Nineteen clinically defined and pathology-confirmed PD (7 F/12 M, 81 ± 7 years) and 15 control (8 F/7 M, 73 ± 9 years) donors were included. With regional conventional measures, we found lower eigenvector centrality only in the parahippocampal gyrus in PD ( = -1.08, 95% CI 0.003-0.010, = 0.021), which did not associate with underlying pathology. No differences were found in regional clustering coefficient. With the more advanced measure of brain network resilience, we found that the PD brain network was less resilient to node failure of the dorsal anterior insula compared with the control brain network ( = -1.00, 95% CI 0.0012-0.0015, = 0.018). This change was not directly driven by neuropathologic processes within the dorsal anterior insula or in connected regions but was associated with higher Braak α-synuclein staging ( = -0.40, = 0.036).
Although our cohort might suffer from selection bias, our results highlight that regional network disturbances are more complex to interpret than previously believed. Regional neuropathologic processes did not drive regional topologic changes, but a global increase in α-synuclein pathology had a widespread effect on brain network reorganization in PD.
在帕金森病(PD)中,α-突触核蛋白通过连接的大脑区域传播,导致神经元丢失和大脑网络紊乱。使用扩散加权成像(DWI),可以捕获大脑网络组织的常规测量值以及大脑网络弹性的更高级测量值。我们旨在研究哪些神经病理学过程导致 PD 中的区域网络拓扑变化和大脑网络弹性。
使用荷兰脑库和阿姆斯特丹正常老化大脑采集的组合死后 MRI 和组织病理学方法,从这些组织中选择了具有可用死后原位 3D T1 加权 MRI、DWI 和脑组织的 PD 和对照脑供体。进行概率追踪,并计算区域特征向量中心性和聚类系数的常规网络拓扑测量值,以及大脑网络弹性(区域节点故障时全局效率的变化)。在 8 个皮质区域中量化 PSer129 α-突触核蛋白、磷酸化 tau、β-淀粉样蛋白、神经丝轻链免疫反应性和突触小体密度。使用基于等级的非参数检验评估组间差异和相关性,同时将年龄、性别和死后延迟作为协变量。
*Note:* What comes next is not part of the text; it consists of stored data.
Lemma gpoly_mulN (u : F) : gpoly u * gpoly (- u) = 'X^4 + (u ^+ 4 / 4%:R)%:P.
Proof.
rewrite /gpoly sqrrN scaleNr -!mul_polyC.
set C := (u ^+ 2 / 2%:R)%:P; set U := u%:P.
have C2 : C * 2%:R = U ^+ 2.
  by rewrite -polyC_natr -polyCM -rmorphXn; congr _%:P; field.
have CC : C ^+ 2 = (u ^+ 4 / 4%:R)%:P.
  by rewrite -rmorphXn; congr _%:P; field; rewrite four_neq0.
transitivity ('X^4 + (C * 2%:R - U ^+ 2) * 'X^2 + C ^+ 2); first by ring.
by rewrite C2 CC subrr mul0r addr0.
Qed.

Section ModularRing.

Variables (p s : nat) (alpha alpha0 gamma : F).
Hypothesis pchar_F : p \in [pchar F].
Hypotheses (alpha_neq0 : alpha != 0) (alpha0_frob : alpha0 ^+ (p ^ s) = alpha).
Hypothesis gamma4 : gamma ^+ 4 + 4%:R * alpha0 = 0.

Local Notation N := (p ^ s)%N.
Local Notation f := (modpoly p s alpha).
Local Notation S := (fqpoly f).

Definition gideal (i j : nat) : {set S} := pideal (in_qpoly f (gpow gamma i j) : S).

Let N_gt0 : (0 < N)%N.
Proof. by rewrite expn_gt0 prime_gt0 ?(pcharf_prime pchar_F). Qed.

Let gamma_neq0 : gamma != 0.
Proof.
apply: contraNneq alpha_neq0 => gamma0; move: gamma4.
rewrite gamma0 expr0n add0r => /eqP; rewrite mulf_eq0 (negPf four_neq0) /=.
by rewrite -alpha0_frob => /eqP->; rewrite expr0n gtn_eqF.
Qed.

Let gpoly_gamma_irr : irreducible_poly (gpoly gamma).
Proof. exact: gpoly_irreducible. Qed.

Let gpoly_Ngamma_irr : irreducible_poly (gpoly (- gamma)).
Proof. by apply: gpoly_irreducible; rewrite oppr_eq0. Qed.

Lemma gpow11 : gpow gamma 1 1 = 'X^4 - alpha0%:P.
Proof.
rewrite /gpow !expr1 gpoly_mulN // -polyCN; congr (_ + _%:P).
apply/(mulIf four_neq0); rewrite divfK // mulNr mulrC.
by apply/eqP; rewrite -addr_eq0 gamma4.
Qed.

Lemma modpoly_gpow : f = gpow gamma N N.
Proof.
by rewrite -(modpoly_frobenius pchar_F alpha0_frob) -gpow11 /gpow !expr1 exprMn.
Qed.

Lemma modpoly_monic : f \is monic.
Proof. by rewrite monicXnsubC // muln_gt0. Qed.

Lemma size_modpoly : size f = (4 * N).+1.
Proof. by rewrite size_XnsubC // muln_gt0. Qed.

Let size_modpoly_gt1 : (1 < size f)%N.
Proof. by rewrite size_modpoly ltnS muln_gt0. Qed.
纳入了 19 名临床定义和病理证实的 PD(7 名女性/12 名男性,81±7 岁)和 15 名对照(8 名女性/7 名男性,73±9 岁)供体。使用区域常规测量值,我们仅在 PD 的海马旁回中发现特征向量中心性降低(=-1.08,95%CI 0.003-0.010,=0.021),但与潜在的病理学无关。区域聚类系数无差异。使用大脑网络弹性的更高级测量值,我们发现与对照大脑网络相比,PD 大脑网络对背侧前岛叶节点故障的弹性较小(=-1.00,95%CI 0.0012-0.0015,=0.018)。这种变化不是由背侧前岛叶或连接区域内的神经病理学过程直接驱动的,而是与更高的 Braak α-突触核蛋白分期相关(=-0.40,=0.036)。
尽管我们的队列可能存在选择偏倚,但我们的结果强调,区域网络紊乱比以前认为的更复杂。区域神经病理学过程并没有驱动区域拓扑变化,但全局α-突触核蛋白病理学的增加对 PD 中的大脑网络重组产生了广泛影响。